Стратегия Алисии состояла в том, чтобы строго контролировать свои эмоции. Она была высокой, полной женщиной с чувственным ртом, но, говорила она, «Я никогда не была источником шума». Она не скрывала от Алли свою сексуальную пассивность и сообщила, что у Отто были, «Можно сказать, несколько иные наклонности. У него была слабость к великой страсти, но это всегда делало его настолько несчастным, что я ничего не могла с этим поделать». Ее утешало лишь знание того, что те женщины, которых ее маленький, лысенький, нервный муж воспринимал как «свой тип», большие и полногрудые, «были, помимо того, еще и распущенными: они делали то, чего он хотел, стараясь всячески угодить ему и притворяясь, что сами хотят этого; полагаю, такова была их реакция на его энтузиазм, а возможно, еще и на его чековую книжку. Он был мужчиной старой школы и дарил щедрые подарки».
Отто называл Аллилуйю своей «драгоценной жемчужиной» и мечтал о большом будущем для нее, как пианист может мечтать о концерте или, напротив, о Музе. «Твоя сестра откровенно разочаровала меня», — признался он за три недели до смерти в своей студии, среди Великих Книг и безделушек Пикабии — чучела обезьяны, которое потребовалось ему в качестве «пробного шара» перед знаменитыми Портретом Сезанна, Портретом Рембрандта, Портретом Ренуара , многочисленных механических приспособлений, включая сексуальные стимуляторы, вырабатывающие небольшие электрические разряды, и первого издания Убью Короля Альфреда Жарри. «У Елены есть все, что она может себе представить». Он англизировал имя — Йельена или Эллейна — точно так же, как придумал уменьшить «Аллилуйя» до Алли и превратить себя, Кохена из Варшавы, в мистера Конуса. Эхо прошлого беспокоило его; он не читал польской литературы, отворачиваясь от Херберта, от Милоша, от «младших товарищей» вроде Баранчака, потому что для него язык был безнадежно замаран историей. «Я теперь англичанин, — гордо заявлял он с сочным восточноевропейским акцентом. — Дурацкий крикет! Тьфу-тьфу! Виндзорская Вдова! Заебало все». Несмотря на свою немногословность, он производил впечатление вполне удовлетворенного лицедея английского дворянства. В ретроспективе, тем не менее, казалось вероятным, что он вполне отдавал себе отчет в недолговечности своего представления, держа тяжелую драпировку почти всегда опущенной на случай, если несогласованность бытия заставит его увидеть чудовищ или лунные ландшафты вместо привычной Москоу-роуд.
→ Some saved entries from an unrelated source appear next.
Definition regular_gauge {R : realType} (n : nat) (phi : R -> R) (r : R) : R :=
  if r <= 0 then 0 else inf [set cover_cost n phi r s | s in [set s : R | 0 < s]].

Section regular_gauge.
Variables (R : realType) (n : nat) (phi : R -> R).
Hypotheses (phi_ge0 : forall r, 0 <= r -> 0 <= phi r)
           (phi_nondecr : forall r s, 0 <= r -> r <= s -> phi r <= phi s).
Local Notation cost := (cover_cost n phi).
Local Notation phio := (regular_gauge n phi).

Lemma cover_cost_ge0 r s : 0 < s -> 0 <= cost r s.
Proof. by move=> s0; rewrite mulr_ge0 ?phi_ge0 ?ltW // lt_max ltr01. Qed.

Lemma regular_gauge_le_cost r s : 0 < r -> 0 < s -> phio r <= cost r s.
Proof.
move=> r0 s0; rewrite /regular_gauge ifF; last by rewrite leNgt r0.
by apply: ge_inf; [exists 0 => _ [t t0 <-]; exact: cover_cost_ge0 | exists s].
Qed.

Lemma regular_gauge_lb r x : 0 < r ->
  (forall s, 0 < s -> x <= cost r s) -> x <= phio r.
Proof.
move=> r0 xr; rewrite /regular_gauge ifF; last by rewrite leNgt r0.
apply: lb_le_inf; first by exists (cost r 1), 1 => /=.
by move=> _ [s s0 <-]; exact: xr.
Qed.

Lemma regular_gauge0 : phio 0 = 0.
Proof. by rewrite /regular_gauge lexx. Qed.

Lemma regular_gauge_ge0 r : 0 <= phio r.
Proof.
have [r0|r0] := leP r 0; first by rewrite /regular_gauge r0.
by apply: regular_gauge_lb => // s s0; exact: cover_cost_ge0.
Qed.

Lemma regular_gauge_le r : 0 <= r -> phio r <= phi r.
Proof.
rewrite le_eqVlt => /predU1P[<-|r0]; first by rewrite regular_gauge0 phi_ge0.
apply: le_trans (regular_gauge_le_cost r0 r0) _.
by rewrite /cover_cost divff ?gt_eqF // expr1n maxxx mulr1.
Qed.

Lemma phiE_regular_gauge_le x : (0 <= x)%E -> (phiE phio x <= phiE phi x)%E.
Proof.
case: x => [r| |] //= r0; first by rewrite lee_fin regular_gauge_le.
apply: ge_ereal_sup => _ [r /= r0' <-]; apply: le_ereal_sup_tmp.
by exists (phi r)%:E; [exists r | rewrite lee_fin regular_gauge_le].
Qed.

Lemma cover_cost_nondecr r r' s : 0 < s -> 0 <= r -> r <= r' ->
  cost r s <= cost r' s.
Proof.
move=> s0 r0 rr'; apply: ler_wpM2l; first exact/phi_ge0/ltW.
rewrite ge_max le_max lexx /= le_max; apply/orP; right.
have s'0 : 0 <= s^-1 by rewrite invr_ge0 ltW.
by rewrite lerXn2r ?nnegrE ?mulr_ge0 ?ler_wpM2r // (le_trans r0).
Qed.

Lemma regular_gauge_nondecr r r' : 0 <= r -> r <= r' -> phio r <= phio r'.
Proof.
rewrite le_eqVlt => /predU1P[<-|r0] rr'.
  by rewrite regular_gauge0 regular_gauge_ge0.
apply: regular_gauge_lb => [|s s0]; first exact: lt_le_trans rr'.
apply: le_trans (regular_gauge_le_cost r0 s0) _.
by apply: cover_cost_nondecr => //; exact: ltW.
Qed.

Lemma regular_gauge_dilate r r' : 0 < r -> r <= r' ->
  phio r' <= (r' / r) ^+ n * phio r.
Proof.
move=> r0 rr'; set k := (r' / r) ^+ n.
have k1 : 1 <= k by rewrite exprn_ege1 // ler_pdivlMr // mul1r.
have k0 : 0 < k by apply: lt_le_trans k1.
rewrite -ler_pdivrMl //; apply: regular_gauge_lb => // s s0.
rewrite ler_pdivrMl //.
apply: le_trans (regular_gauge_le_cost (lt_le_trans r0 rr') s0) _.
rewrite /cover_cost mulrCA; apply: ler_wpM2l; first exact/phi_ge0/ltW.
have -> : (r' / s) ^+ n = k * (r / s) ^+ n by rewrite -exprMn mulrA divfK ?gt_eqF.
rewrite ge_max; apply/andP; split.
  rewrite (le_trans k1) //; apply: ler_peMr; [exact: ltW | by rewrite le_max lexx].
by apply: ler_wpM2l; [exact: ltW | rewrite le_max lexx orbT].
Qed.

Lemma regular_gauge_ratio_nonincr r r' : 0 < r -> r <= r' ->
  phio r' / r' ^+ n <= phio r / r ^+ n.
Proof.
move=> r0 rr'; have r'0 := lt_le_trans r0 rr'.
have := regular_gauge_dilate r0 rr'.
rewrite expr_div_n mulrAC ler_pdivlMr ?exprn_gt0 // => dil.
by rewrite ler_pdivrMr ?exprn_gt0 // mulrAC ler_pdivlMr ?exprn_gt0 // [phio r * _]mulrC.
Qed.

Lemma regular_gauge_continuous : (0 < n)%N -> phi 0 = 0 ->
  phi @ within [set r : R | 0 <= r] (nbhs (0 : R)) --> phi 0 ->
  {within [set r : R | 0 <= r], continuous phio}.
Proof.
move=> n0 phi0 phi_cont0; apply/subspace_continuousP => x /=; rewrite /from_subspace /=.
rewrite le_eqVlt => /predU1P[<-|x0].
  apply: (cvg_within_dominated phi_cont0) => y /= y0.
  rewrite regular_gauge0 phi0 !sub0r !normrN !ger0_norm ?regular_gauge_ge0 ?phi_ge0 //.
  exact: regular_gauge_le.
pose c := phio x / x ^+ n.
have cx : c * x ^+ n = phio x by rewrite divfK ?gt_eqF ?exprn_gt0.
apply: (@cvg_within_dominated _ _ _ (fun y => c * y ^+ n)).
  by apply: cvg_within_filter; apply: cvgMl_tmp; exact: exprn_continuous.
move=> y /= y0; rewrite cx; apply: dist_le_between.
have [xy|yx] := leP x y.
  rewrite (regular_gauge_nondecr (ltW x0) xy) /=.
  have -> : c * y ^+ n = (y / x) ^+ n * phio x by rewrite /c expr_div_n; ring.
  by rewrite regular_gauge_dilate.
rewrite (regular_gauge_nondecr y0 (ltW yx)) orbC andbT.
move: y0; rewrite le_eqVlt => /predU1P[<-|y0].
  by rewrite expr0n gtn_eqF //= mulr0 regular_gauge_ge0.
by rewrite -ler_pdivlMr ?exprn_gt0 // regular_gauge_ratio_nonincr // ltW.
Qed.

End regular_gauge.

Lemma regular_gauge_admissible (R : realType) (n : nat) (phi : R -> R) :
  (0 < n)%N -> admissible_gauge phi -> admissible_gauge (regular_gauge n phi).
Proof.
move=> n0 [phi_cont phi_ge0 phi_nondecr phi0]; split.
- apply: regular_gauge_continuous => //.
  by move/subspace_continuousP : phi_cont; apply; rewrite /= lexx.
- by move=> r _; exact: regular_gauge_ge0.
- by move=> r s r0; exact: regular_gauge_nondecr.
- exact: regular_gauge0.
Qed.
— Он был человеком строгих правил, — поведала Алисия, атакуя солидную порцию цимеса. — Когда он поменял наши имена, я сказала ему: Отто, этого не требовалось, это не Америка, это Лондон W2; но он хотел выбелить все до чистого листа, даже свое еврейство, прости меня, но я знаю. Борьба с Советом депутатов! Все совершенно цивилизованно, сплошной парламентский язык, но это облекало плотью его голые кости.
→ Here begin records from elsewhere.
(* Let $A,B\in M_2(\mathbb{Z})$ be expanding matrices with characteristic polynomials $x^2+px+q$ and $x^2-px+q$ respectively ($p,q\in\mathbb{Z}$). Let $v,w\in\mathbb{R}^2$ be nonzero vectors such that $\{v,Av\}$ and $\{w,Bw\}$ are each linearly independent. Let $c_i,d_i\in\mathbb{Z}$ for $i=0,1,\dots,|q|-1$ be such that the points $c_iAv+d_iv$ are pairwise distinct, and put $\mathcal{D}=\{c_iAv+d_iv: i=0,\dots,|q|-1\}$ and $\mathcal{D}'=\{-c_iBw+d_iw: i=0,\dots,|q|-1\}$. Then $T(A,\mathcal{D})$ is connected if and only if $T(B,\mathcal{D}')$ is connected.
   Context: A real square matrix is expanding if all its eigenvalues have modulus strictly larger than $1$. For an expanding matrix $A\in M_n(\mathbb{Z})$ and a finite set $\mathcal{D}\subset\mathbb{R}^n$ with $|\mathcal D|=|\det A|$, the self-affine set $T(A,\mathcal{D})$ is the unique nonempty compact set $T$ with $AT=T+\mathcal{D}$; equivalently $T=\{\sum_{i=1}^\infty A^{-i}d_{j_i}: d_{j_i}\in\mathcal{D}\}$. *)

From Stdlib Require Import Reals Lra ZArith.
Open Scope R_scope.

Definition vec : Type := (R * R)%type.
Definition vadd (u w : vec) : vec := (fst u + fst w, snd u + snd w).
Definition vscale (a : R) (u : vec) : vec := (a * fst u, a * snd u).
Definition vzero : vec := (0, 0).
Definition vdist (u w : vec) : R :=
  sqrt ((fst u - fst w) ^ 2 + (snd u - snd w) ^ 2).

Definition lin_indep2 (u w : vec) : Prop :=
  forall a b : R, vadd (vscale a u) (vscale b w) = vzero -> a = 0 /\ b = 0.

Record mat2 : Type := Mat2 { m11 : Z; m12 : Z; m21 : Z; m22 : Z }.

Definition mtrace (A : mat2) : Z := (m11 A + m22 A)%Z.
Definition mdet (A : mat2) : Z := (m11 A * m22 A - m12 A * m21 A)%Z.

Definition mapply (A : mat2) (u : vec) : vec :=
  (IZR (m11 A) * fst u + IZR (m12 A) * snd u,
   IZR (m21 A) * fst u + IZR (m22 A) * snd u).

(** A^{-1} acting on R^2 (A^{-1} = adj A / det A; meaningful when det A <> 0) *)
Definition minv_apply (A : mat2) (u : vec) : vec :=
  let d := IZR (mdet A) in
  ((IZR (m22 A) * fst u - IZR (m12 A) * snd u) / d,
   (- IZR (m21 A) * fst u + IZR (m11 A) * snd u) / d).

Fixpoint minv_pow (A : mat2) (i : nat) (u : vec) : vec :=
  match i with
  | O => u
  | S k => minv_apply A (minv_pow A k u)
  end.

(** Characteristic polynomial of A is x^2 + p x + q, i.e. det(xI - A) = x^2 - tr(A) x + det(A). *)
Definition charpoly_is (A : mat2) (p q : Z) : Prop :=
  (- mtrace A = p)%Z /\ mdet A = q.

(** Complex numbers as pairs (re, im) *)
Definition cmul (z w : R * R) : R * R :=
  (fst z * fst w - snd z * snd w, fst z * snd w + snd z * fst w).
Definition cnorm2 (z : R * R) : R := fst z ^ 2 + snd z ^ 2.

(** lam (complex) is an eigenvalue of A: there is a nonzero (x1, x2) in C^2
    with A (x1, x2) = lam (x1, x2). *)
Definition is_eigenvalue (A : mat2) (lam : R * R) : Prop :=
  exists x1 x2 : R * R,
    (x1 <> (0, 0) \/ x2 <> (0, 0)) /\
    (IZR (m11 A) * fst x1 + IZR (m12 A) * fst x2,
     IZR (m11 A) * snd x1 + IZR (m12 A) * snd x2) = cmul lam x1 /\
    (IZR (m21 A) * fst x1 + IZR (m22 A) * fst x2,
     IZR (m21 A) * snd x1 + IZR (m22 A) * snd x2) = cmul lam x2.

Definition expanding (A : mat2) : Prop :=
  forall lam, is_eigenvalue A lam -> cnorm2 lam > 1.

Fixpoint partial_sum (A : mat2) (dig : nat -> vec) (n : nat) : vec :=
  match n with
  | O => vzero
  | S k => vadd (partial_sum A dig k) (minv_pow A (S k) (dig (S k)))
  end.

Definition self_affine (A : mat2) (D : vec -> Prop) : vec -> Prop :=
  fun x => exists dig : nat -> vec,
    (forall i, D (dig i)) /\
    Un_cv (fun n => fst (partial_sum A dig n)) (fst x) /\
    Un_cv (fun n => snd (partial_sum A dig n)) (snd x).

Definition open2 (U : vec -> Prop) : Prop :=
  forall x, U x -> exists eps, eps > 0 /\ forall y, vdist x y < eps -> U y.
После его смерти она сразу вернулась к Кохену, синагоге, Хануке и Блюму.
— Больше никакой имитации жизни, — чавкнула она и внезапно взмахнула рукой, указывая вилкой в сторону. — Эта картина. Я без ума от нее. Лана Тернер, я права? И Махалия Джексон, поющая в церкви.
Отто Конус в семьдесят с хвостиком упал в пустую шахту лифта и скончался. Теперь осталось лишь несколько вопросов, которого Алисия, готовая обсуждать большинство самых табуированных тем, отказалась касаться: как выживший в лагерях умудрился прожить затем сорок лет и выйти на пенсию, так и не превратившись в чудовище? Всегда ли великое зло одерживает победу, как бы отчаянно ему ни сопротивлялись? Оставляет ли оно в крови ледяной осколок, совершающий свой путь до тех пор, пока не поразит сердце? Или, хуже того: может ли смерть человека быть несовместимой с его жизнью? Алли, чьей первой реакцией на смерть отца был ярость, швырнула вопросы вроде этого в лицо матери. Которая, укрывшись под широкополой черной шляпой, ответила только: «Ты унаследовала его нехватку самоконтроля, моя дорогая».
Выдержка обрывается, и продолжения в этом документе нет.